MS MACRO — MAchine Reading COmprehension Dataset
It is a large scale dataset focused on machine reading comprehension. It consists of the following tasks:
- Question Answering — generate a well-formed answer (if possible) based on the context passages that can be understood with the question and passage context.
- Passage Ranking — rank a set of retrieved passages given a question.
- Key Phrase Extraction — predict if a question is answerable given a set of context passages, and extract and synthesize the answer as a human would.
The dataset started off focusing on QnA but has since evolved to focus on any problem related to search.
The dataset comprises of 1,010,916 anonymized questions — sampled from Bing’s search query logs — each with a human-generated answer and 182,669 completely human rewritten generated answers. In addition, the dataset contains 8,841,823 passages — extracted from 3,563,535 web documents retrieved by Bing — that provide the information necessary for curating the natural language answers.
GLUE and SuperGLUE — General Language Understanding evaluation
GLUE and SuperGLUE evaluate the performance of a model on a collection of tasks, rather than a single one to get a holistic view on the performance. They consist of single-sentence tasks, similarity and paraphrase tasks, and inference tasks.

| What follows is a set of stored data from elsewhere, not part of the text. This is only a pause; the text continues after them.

Lemma perturbed_sqnorm_continuous (g g1 : C -> C) (eps : R) (w : C) :
  Cdiff g w (g1 w) -> Ccontinuous_at (perturbed_sqnorm g eps) w.
Proof.
  intros Hg e He. pose proof (Rabs_pos eps).
  destruct (Cmod_sqr_continuous g w (Cdiff_continuous g w _ Hg) (e / 2)%R ltac:(lra))
    as [d1 [Hd1 B1]].
  destruct (Cmod_sqr_continuous (fun x => x) w (fun ep Hep => ex_intro _ ep (conj Hep (fun y H => H)))
              (e / 2 / (Rabs eps + 1))%R ltac:(apply Rdiv_lt_0_compat; lra)) as [d2 [Hd2 B2]].
  exists (Rmin d1 d2). split; [apply Rmin_pos; auto|].
  intros y Hy. rewrite !perturbed_sqnorm_Cmod.
  specialize (B1 y ltac:(eapply Rlt_le_trans; [exact Hy|apply Rmin_l])).
  specialize (B2 y ltac:(eapply Rlt_le_trans; [exact Hy|apply Rmin_r])). cbv beta in B1, B2.
  replace (Cmod (g y) ^ 2 + eps * Cmod y ^ 2 - (Cmod (g w) ^ 2 + eps * Cmod w ^ 2))%R
    with ((Cmod (g y) ^ 2 - Cmod (g w) ^ 2) + eps * (Cmod y ^ 2 - Cmod w ^ 2))%R by ring.
  eapply Rle_lt_trans; [apply Rabs_triang|]. rewrite Rabs_mult.
  assert (Rabs eps * Rabs (Cmod y ^ 2 - Cmod w ^ 2) <= e / 2)%R.
  { pose proof (Rabs_pos (Cmod y ^ 2 - Cmod w ^ 2)).
    apply Rle_trans with ((Rabs eps + 1) * Rabs (Cmod y ^ 2 - Cmod w ^ 2))%R; [nra|].
    apply Rle_trans with ((Rabs eps + 1) * (e / 2 / (Rabs eps + 1)))%R; [|right; field; lra].
    apply Rmult_le_compat_l; lra. }
  lra.
Qed.

Lemma continuous2_at_polar (v : C -> R) (r t : R) :
  Ccontinuous_at v (polar r t) -> continuous2_at (fun r t => v (polar r t)) r t.
Proof.
  intros Hv eps Heps. destruct (Hv eps Heps) as [d [Hd Hb]].
  pose proof (Rabs_pos r).
  set (q := (d / (2 + 2 * Rabs r + 1))%R).
  assert (Hq : (0 < q)%R) by (apply Rdiv_lt_0_compat; lra).
  assert (E : ((2 + 2 * Rabs r + 1) * q = d)%R) by (unfold q; field; lra).
  exists q. split; auto. intros r' t' Hr Ht. apply Hb.
  eapply Rle_lt_trans; [apply polar_lipschitz|].
  assert (2 * Rabs r * Rabs (t' - t) <= 2 * Rabs r * q)%R by (apply Rmult_le_compat_l; lra).
  nra.
Qed.

Lemma Cmod_sqr_max_on_disk (g g1 g2 : C -> C) (rho G2 : R) : (0 < rho < 1)%R ->
  Cdiff2_on_U g g1 g2 -> (forall t, (Cmod (g (polar rho t)) ^ 2 <= G2)%R) ->
  forall a, (Cmod a <= rho)%R -> (Cmod (g a) ^ 2 <= G2)%R.
Proof.
  intros Hrho HD HG a Ha.
  destruct (Rle_or_lt (Cmod (g a) ^ 2) G2) as [H|H]; auto. exfalso.
  set (D := (Cmod (g a) ^ 2 - G2)%R).
  set (eps := (D / (2 * (rho * rho + 1)))%R).
  assert (Heps : (0 < eps)%R) by (unfold eps, D; apply Rdiv_lt_0_compat; nra).
  assert (Heps2 : (eps * (rho * rho) < D)%R).
  { apply (Rmult_lt_reg_r (2 * (rho * rho + 1))); [nra|].
    replace (eps * (rho * rho) * (2 * (rho * rho + 1)))%R with (D * (rho * rho))%R
      by (unfold eps; field; nra).
    unfold D in *. nra. }
  set (V := fun r t => perturbed_sqnorm g eps (polar r t)).
  pose proof PI_RGT_0 as HPI.
  destruct (continuous2_rect_max V 0 rho 0 (2 * PI) ((1 - rho) / 2)) as [r0 [t0 [Hr0 [Ht0 Hmax]]]];
    try lra.
  { intros x y Hx Hy. apply continuous2_at_polar.
    assert (HU : inU (polar x y)) by (unfold inU; rewrite Cmod_polar; apply Rabs_def1; lra).
    exact (perturbed_sqnorm_continuous g g1 eps _ (proj1 (HD _ HU))). }
  assert (Hdisk : forall z, (Cmod z <= rho)%R -> (perturbed_sqnorm g eps z <= V r0 t0)%R).
  { intros z Hz. destruct (polar_surj z) as [tz [Htz Ez]].
    rewrite Ez. apply Hmax; auto. split; [apply Cmod_ge_0|auto]. }
  destruct (Rle_lt_or_eq_dec r0 rho ltac:(lra)) as [Hlt|Heq].
  - set (z1 := polar r0 t0).
    assert (Hz1 : Cmod z1 = r0) by (unfold z1; rewrite Cmod_polar; apply Rabs_right; lra).
    assert (Hball : forall z, (Cmod (z - z1) < rho - r0)%R -> (Cmod z <= rho)%R).
    { intros z Hz. replace z with ((z - z1) + z1) by ring.
      eapply Rle_trans; [apply Cmod_triangle|lra]. }
    apply (perturbed_sqnorm_no_local_max g g1 g2 eps z1 (rho - r0) Heps ltac:(lra)).
    + intros z Hz. apply HD. unfold inU. pose proof (Hball z Hz). lra.
    + intros z Hz. apply Hdisk, Hball, Hz.
  - pose proof (Hdisk a Ha) as Hva. subst r0. unfold V in Hva.
    rewrite !perturbed_sqnorm_Cmod, Cmod_polar, Rabs_right in Hva by lra.
    pose proof (pow2_ge_0 (Cmod a)). specialize (HG t0). unfold D in *. nra.
Qed.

I went through the paper for both of them and collected a brief overview of the tasks in each. I organized them into these tables for quick and better understanding. If you want to understand each task in detail, please go through the papers, linked in the reference section, at the end of the post.
Do check out the respective leader boards for GLUE and Super GLUE.
Knowing about these metrics would not help you in improving the performance of your model by any means. However, it will certainly help you in understanding the bigger picture, the problems we are currently trying to solve in this field! I hope you found it useful.